The Fair Labor Standards Act (“FLSA”) provides an employer an exemption for minimum wage and overtime payments for any employee employed in a bona fide executive, administrative, or professional capacity. An employee may qualify for exemption if the employee meets all of the pertinent tests relating to duties and receives compensation on a “salary basis” at not less than the minimum amounts as described in the appropriate section of the regulations. The FLSA regulations provide that, for an exempt employee to be paid on a “salary basis,” the employee must receive his or her full salary for any week in which the employee performs any work without regard to the number of days or hours worked. An employee will not be considered to be paid on a “salary basis” for any week if deductions are made to an employee’s salary for any absence occasioned by the employer or by the operating requirements of the business. However, a deduction may be made when an exempt employee is absent from work for one or more full days for personal reasons, other than sickness or disability.
Oftentimes, the question arises whether an employer can deduct a day’s wage from an exempt employee’s salary when the employer closes its business due to inclement weather (e.g., a snowstorm) or a power outage. In other words, does an employer need to pay an exempt employee for that day when no work was performed by the employee because of the employer’s decision to close its business? It is the U.S. Department of Labor’s (“DOL”) position that an employer must pay an exempt employee his or her full salary if the employer closes its operations due to a weather-related emergency or other emergency, such as a power outage. The DOL’s position is based, in part, on the FLSA’s regulations that provide that deductions may not be made for time when work is not available. When it is the employer’s decision to close its business because of some emergency, whether it is due to severe weather or a simple loss of power, the DOL presumes that employees remain ready, willing, and able to work. Under such circumstances, deductions may not be made from an exempt employee’s salary when work is not available. If deductions are made under such circumstances, the employer risks losing the exemption, thus subjecting it to potential overtime liability.

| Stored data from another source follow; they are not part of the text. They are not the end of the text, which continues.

Lemma bounded_seqD x y : bounded_seq x -> bounded_seq y -> bounded_seq (fun j => x j + y j).
Proof.
move=> [B hB] [C hC]; exists (B + C) => j.
exact: le_trans (ler_normD _ _) (lerD (hB j) (hC j)).
Qed.

Lemma bounded_seqB x y : bounded_seq x -> bounded_seq y -> bounded_seq (fun j => x j - y j).
Proof.
move=> [B hB] [C hC]; exists (B + C) => j.
exact: le_trans (ler_normB _ _) (lerD (hB j) (hC j)).
Qed.

Lemma bounded_seqZ a x : bounded_seq x -> bounded_seq (fun j => a * x j).
Proof. by move=> [B hB]; exists (`|a| * B) => j; rewrite normrM ler_wpM2l. Qed.

Lemma finite_support_bounded x N :
  (forall i, (N <= i)%N -> x i = 0) -> bounded_seq x.
Proof.
move=> xN; exists (l1sum x N) => j; have [jN|Nj] := ltnP j N.
  exact: le_trans (normr_le_l1sum x j) (l1sum_nondecreasing _ jN).
by rewrite xN // normr0 l1sum_ge0.
Qed.

Lemma supnorm_ge x j : bounded_seq x -> `|x j| <= supnorm x.
Proof. by move=> [B hB]; apply: ub_le_sup; [exists B => _ [i _ <-] | exists j]. Qed.

Lemma supnorm_le x B : (forall j, `|x j| <= B) -> supnorm x <= B.
Proof. by move=> HB; apply: ge_sup; [exists `|x 0%N|, 0%N | move=> _ [j _ <-]]. Qed.

Lemma supnorm_ge0 x : 0 <= supnorm x.
Proof.
have [bx|nbx] := pselect (bounded_seq x).
  exact: le_trans (normr_ge0 _) (supnorm_ge 0 bx).
rewrite /supnorm sup_out // => -[_ [B HB]]; apply: nbx; exists B => j.
by apply: HB; exists j.
Qed.

Lemma supnorm0 : supnorm (fun=> 0 : R) = 0.
Proof.
by apply/le_anti; rewrite supnorm_ge0 andbT; apply: supnorm_le => j; rewrite normr0.
Qed.

Lemma supnormD_le x y : bounded_seq x -> bounded_seq y ->
  supnorm (fun j => x j + y j) <= supnorm x + supnorm y.
Proof.
move=> hx hy; apply: supnorm_le => j.
exact: le_trans (ler_normD _ _) (lerD (supnorm_ge j hx) (supnorm_ge j hy)).
Qed.

Lemma supnormZ a x : bounded_seq x -> supnorm (fun j => a * x j) = `|a| * supnorm x.
Proof.
move=> hx; apply/le_anti/andP; split.
  by apply: supnorm_le => j; rewrite normrM ler_wpM2l // supnorm_ge.
have [->|a0] := eqVneq a 0; first by rewrite normr0 mul0r supnorm_ge0.
have na0 : 0 < `|a| by rewrite normr_gt0.
rewrite mulrC -ler_pdivlMr //; apply: supnorm_le => j.
by rewrite ler_pdivlMr // mulrC -normrM; apply: supnorm_ge; apply: bounded_seqZ.
Qed.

On the other hand, when an emergency causes an employee to choose not to report to work for the day, even though the employer remains open for business, the DOL treats such an absence as an absence for personal reasons. This type of absence does not constitute an absence due to sickness or disability. Consequently, an employer that remains open for business during a weather emergency may lawfully deduct one full day’s wages from an exempt employee’s salary if that person does not report for work for the day due to adverse weather conditions. Such a deduction will not violate the “salary basis” rule or otherwise affect the employee’s exempt status. If, however, the employee works only a partial day because of weather-related issues, the employer may not make deductions from the employee’s salary for the lost time because an exempt employee must receive a full day’s pay for the partial day worked in order for the employer to meet the “salary basis” rule.